PROMPT: What lines in the following entries hold the word "HyTx"? Copy each one.

── GIVEN RECORDS ──

(* Let $(X,d)$ be a complete metric space with $|X|\geqslant 3$ and let $T\colon X\to X$ be continuous and asymptotically regular, and suppose there exist $\alpha\in[0,\frac12)$ and $\lambda\in[0,\infty)$ such that $$d(Tx,Ty)+d(Ty,Tz)+d(Tx,Tz)\leqslant \alpha\big(d(x,y)+d(y,z)+d(z,x)\big)+\lambda\big(d(x,Tx)+d(y,Ty)+d(z,Tz)\big)$$ for all pairwise distinct $x,y,z\in X$. Then $T$ has a fixed point, and $T$ has at most two fixed points.
   Context: A mapping $T\colon X\to X$ on a metric space is asymptotically regular if $\lim_{n\to\infty}d(T^{n+1}x,T^nx)=0$ for every $x\in X$. *)

From Stdlib Require Import Reals.
Open Scope R_scope.

Definition is_metric {X : Type} (d : X -> X -> R) : Prop :=
  (forall x y, 0 <= d x y) /\
  (forall x y, d x y = 0 <-> x = y) /\
  (forall x y, d x y = d y x) /\
  (forall x y z, d x z <= d x y + d y z).

Definition mconverges {X : Type} (d : X -> X -> R) (u : nat -> X) (l : X) : Prop :=
  forall eps, eps > 0 -> exists N : nat, forall n, (n >= N)%nat -> d (u n) l < eps.

Definition mcauchy {X : Type} (d : X -> X -> R) (u : nat -> X) : Prop :=
  forall eps, eps > 0 -> exists N : nat, forall m n, (m >= N)%nat -> (n >= N)%nat ->
    d (u m) (u n) < eps.

Definition mcomplete {X : Type} (d : X -> X -> R) : Prop :=
  forall u : nat -> X, mcauchy d u -> exists l, mconverges d u l.

Definition mcontinuous {X : Type} (d : X -> X -> R) (T : X -> X) : Prop :=
  forall x eps, eps > 0 -> exists delta, delta > 0 /\
    forall y, d x y < delta -> d (T x) (T y) < eps.

Definition asymptotically_regular {X : Type} (d : X -> X -> R) (T : X -> X) : Prop :=
  forall x, Un_cv (fun n => d (Nat.iter (S n) T x) (Nat.iter n T x)) 0.

(* Applied to x, y, T x with T x <> x, the three-point condition and two
   triangle inequalities through T y bound d(x, y) by a multiple of the
   displacements d(x, T x), d(y, T y), d(T x, T (T x)).  Along an orbit that
   never reaches a fixed point these displacements tend to 0 by asymptotic
   regularity, so the orbit is Cauchy, and continuity makes its limit a fixed
   point.  Three distinct fixed points would have a perimeter p > 0 with
   p <= alpha p. *)

From Stdlib Require Import Reals Lra Classical.
Open Scope R_scope.

Section MetricFacts.

Context {X : Type} {d : X -> X -> R} (Hmet : is_metric d).

Lemma dist_nonneg x y : 0 <= d x y.
Proof. apply Hmet. Qed.

Lemma dist_self x : d x x = 0.
Proof. apply Hmet; reflexivity. Qed.

Lemma dist_sym x y : d x y = d y x.
Proof. apply Hmet. Qed.

Lemma dist_triangle x y z : d x z <= d x y + d y z.
Proof. apply Hmet. Qed.

Lemma dist_pos {x y : X} : x <> y -> 0 < d x y.
Proof.
  intros Hxy. destruct (dist_nonneg x y) as [|E]; [assumption|].
  exfalso. apply Hxy, (proj1 (proj2 Hmet)). now symmetry.
Qed.

Lemma eq_of_dist_lt x y : (forall eps, eps > 0 -> d x y < eps) -> x = y.
Proof.
  intros Hsmall. apply (proj1 (proj2 Hmet)).
  destruct (dist_nonneg x y) as [Hpos|]; [|now symmetry].
  specialize (Hsmall (d x y) Hpos). lra.
Qed.

Lemma mcauchy_of_dist_le_sum (u : nat -> X) (g : nat -> R) :
  Un_cv g 0 -> (forall m n, d (u m) (u n) <= g m + g n) -> mcauchy d u.
Proof.
  intros Hg Hbound eps Heps.
  destruct (Hg (eps / 2)) as [N HN]; [lra|].
  exists N. intros m n Hm Hn.
  specialize (HN m Hm) as Hgm. specialize (HN n Hn) as Hgn.
  unfold R_dist in Hgm, Hgn. rewrite Rminus_0_r in Hgm, Hgn.
  pose proof (Hbound m n). pose proof (Rle_abs (g m)). pose proof (Rle_abs (g n)).
  lra.
Qed.

Lemma orbit_limit_fixed (T : X -> X) (u : nat -> X) (l : X) :
  mcontinuous d T -> (forall n, u (S n) = T (u n)) -> mconverges d u l ->
  T l = l.
Proof.
  intros Hcont Horbit Hl. apply eq_of_dist_lt. intros eps Heps.
  destruct (Hcont l (eps / 2)) as [delta [Hdelta HT]]; [lra|].
  destruct (Hl (Rmin delta (eps / 2))) as [N HN]; [now apply Rmin_pos; lra|].
  pose proof (HN N (le_n N)) as HuN. pose proof (HN (S N) (le_S _ _ (le_n N))) as HuSN.
  pose proof (Rmin_l delta (eps / 2)). pose proof (Rmin_r delta (eps / 2)).
  assert (HTuN : d (T l) (T (u N)) < eps / 2).
  { apply HT. rewrite dist_sym. lra. }
  rewrite <- Horbit in HTuN.
  pose proof (dist_triangle (T l) (u (S N)) l). lra.
Qed.

End MetricFacts.

Lemma Un_cv_const (c : R) : Un_cv (fun _ => c) c.
Proof.
  intros eps Heps. exists 0%nat. intros n _.
  unfold R_dist. rewrite Rminus_diag, Rabs_R0. exact Heps.
Qed.

Section ThreePointContraction.

Context {X : Type} {d : X -> X -> R} {T : X -> X} {alpha lambda : R}.
Hypothesis Hmet : is_metric d.
Hypothesis Hcontr : forall x y z : X, x <> y -> y <> z -> x <> z ->
  d (T x) (T y) + d (T y) (T z) + d (T x) (T z)
    <= alpha * (d x y + d y z + d z x)
       + lambda * (d x (T x) + d y (T y) + d z (T z)).

Lemma fixed_points_at_most_two (Halpha : alpha < 1) (x y z : X) :
  T x = x -> T y = y -> T z = z -> x = y \/ y = z \/ x = z.
Proof.
  intros Hx Hy Hz.
  destruct (classic (x = y)) as [|Hxy]; [now left|].
  destruct (classic (y = z)) as [|Hyz]; [now right; left|].
  destruct (classic (x = z)) as [|Hxz]; [now right; right|].
  exfalso.
  pose proof (Hcontr x y z Hxy Hyz Hxz) as Hc.
  rewrite Hx, Hy, Hz, !(dist_self Hmet), (dist_sym Hmet z x) in Hc.
  assert (0 < (1 - alpha) * (d x y + d y z + d x z)).
  { apply Rmult_lt_0_compat; [lra|].
    pose proof (dist_pos Hmet Hxy). pose proof (dist_nonneg Hmet y z).
    pose proof (dist_nonneg Hmet x z). lra. }
  lra.
Qed.

Hypotheses (Halpha0 : 0 <= alpha) (Halpha : alpha < 1/2) (Hlambda : 0 <= lambda).

Lemma dist_le_displacements (x y : X) : T x <> x ->
  d x y <= (4 + lambda) * (d (T x) x + d (T y) y + d (T (T x)) (T x)).
Proof.
  intros HTx.
  rewrite (dist_sym Hmet (T x)), (dist_sym Hmet (T y)), (dist_sym Hmet (T (T x))).
  set (a := d x (T x)); set (b := d y (T y)); set (c := d (T x) (T (T x))).
  assert (Ha : 0 <= a) by apply (dist_nonneg Hmet).
  assert (Hb : 0 <= b) by apply (dist_nonneg Hmet).
  assert (Hc : 0 <= c) by apply (dist_nonneg Hmet).
  assert (Hbound : a <= (4 + lambda) * (a + b + c)).
  { assert (0 <= lambda * (a + b + c)) by (apply Rmult_le_pos; lra). lra. }
  destruct (classic (x = y)) as [<-|Hxy].
  { rewrite (dist_self Hmet). lra. }
  destruct (classic (y = T x)) as [->|HyTx]; [exact Hbound|].
  pose proof (Hcontr x y (T x) Hxy HyTx (not_eq_sym HTx)) as Hcontr_xy.
  rewrite (dist_sym Hmet (T x) x) in Hcontr_xy. fold a b c in Hcontr_xy.
  set (D := d x y) in *.
  assert (HD : 0 <= D) by apply (dist_nonneg Hmet).
  assert (Hvia_Ty : D <= a + d (T x) (T y) + b).
  { unfold a, b, D.
    pose proof (dist_triangle Hmet x (T x) y) as H1.
    pose proof (dist_triangle Hmet (T x) (T y) y) as H2.
    rewrite (dist_sym Hmet (T y) y) in H2. lra. }
  assert (Hvia_TTx_Ty : D <= a + c + d (T y) (T (T x)) + b).
  { unfold a, b, c, D.
    pose proof (dist_triangle Hmet x (T x) y) as H1.
    pose proof (dist_triangle Hmet (T x) (T (T x)) y) as H2.
    pose proof (dist_triangle Hmet (T (T x)) (T y) y) as H3.
    rewrite (dist_sym Hmet (T y) y), (dist_sym Hmet (T (T x)) (T y)) in H3. lra. }
  assert (Hy_Tx : alpha * d y (T x) <= alpha * (D + a)).
  { apply Rmult_le_compat_l; [lra|]. unfold a, D.
    pose proof (dist_triangle Hmet y x (T x)) as H1.
    rewrite (dist_sym Hmet y x) in H1. lra. }
  (* Adding the two triangle bounds gives 2 (1 - alpha) D, and 2 (1 - alpha) > 1. *)
  assert (0 <= (1 - 2 * alpha) * D) by (apply Rmult_le_pos; lra).
  assert (0 <= (1 - 2 * alpha) * a) by (apply Rmult_le_pos; lra).
  assert (0 <= lambda * c) by (apply Rmult_le_pos; lra).
  lra.
Qed.

Lemma orbit_mcauchy (x0 : X) :
  asymptotically_regular d T ->
  (forall n, T (Nat.iter n T x0) <> Nat.iter n T x0) ->
  mcauchy d (fun n => Nat.iter n T x0).
Proof.
  intros Hreg Hmove.
  set (e := fun n => d (Nat.iter (S n) T x0) (Nat.iter n T x0)).
  set (g := fun n => (4 + lambda) * (e n + e (S n))).
  assert (He : Un_cv e 0) by apply Hreg.
  assert (HeS : Un_cv (fun n => e (S n)) 0).
  { intros eps Heps. destruct (CV_shift' e 1 0 He eps Heps) as [N HN].
    exists N. intros n Hn. rewrite <- Nat.add_1_r. exact (HN n Hn). }
  apply mcauchy_of_dist_le_sum with g.
  - replace 0 with ((4 + lambda) * (0 + 0)) by ring.
    apply CV_mult; [apply Un_cv_const|].
    now apply CV_plus.
  - intros m n.
    pose proof (dist_le_displacements (Nat.iter m T x0) (Nat.iter n T x0) (Hmove m)).
    assert (0 <= (4 + lambda) * e (S n))
      by (apply Rmult_le_pos; [lra|apply (dist_nonneg Hmet)]).
    unfold g, e in *; simpl in *. lra.
Qed.

End ThreePointContraction.

Theorem corollary4p8 (X : Type) (d : X -> X -> R) (T : X -> X)
  (alpha lambda : R)
  (Hmet : is_metric d) (Hcomp : mcomplete d)
  (H3 : exists a b c : X, a <> b /\ b <> c /\ a <> c)
  (Hcont : mcontinuous d T) (Hreg : asymptotically_regular d T)
  (Halpha : 0 <= alpha /\ alpha < 1/2) (Hlambda : 0 <= lambda)
  (Hcontr : forall x y z : X, x <> y -> y <> z -> x <> z ->
     d (T x) (T y) + d (T y) (T z) + d (T x) (T z)
       <= alpha * (d x y + d y z + d z x)
          + lambda * (d x (T x) + d y (T y) + d z (T z))) :
  (exists x : X, T x = x) /\
  (forall x y z : X, T x = x -> T y = y -> T z = z -> x = y \/ y = z \/ x = z).
Proof.
  destruct Halpha as [Halpha0 Halpha].
  split; [|apply (fixed_points_at_most_two Hmet Hcontr); lra].
  destruct H3 as [x0 _].
  destruct (classic (exists n, T (Nat.iter n T x0) = Nat.iter n T x0))
    as [[n Hfix]|Hmove].
  - now exists (Nat.iter n T x0).
  - assert (Hcauchy : mcauchy d (fun n => Nat.iter n T x0)).
    { apply (orbit_mcauchy Hmet Hcontr Halpha0 Halpha Hlambda x0 Hreg).
      intros n Hfix. apply Hmove. now exists n. }
    destruct (Hcomp _ Hcauchy) as [l Hl].
    exists l. now apply (orbit_limit_fixed Hmet T (fun n => Nat.iter n T x0)).
Qed.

───

RESULT OF THIS EXERCISE:
  destruct (classic (y = T x)) as [->|HyTx]; [exact Hbound|].
  pose proof (Hcontr x y (T x) Hxy HyTx (not_eq_sym HTx)) as Hcontr_xy.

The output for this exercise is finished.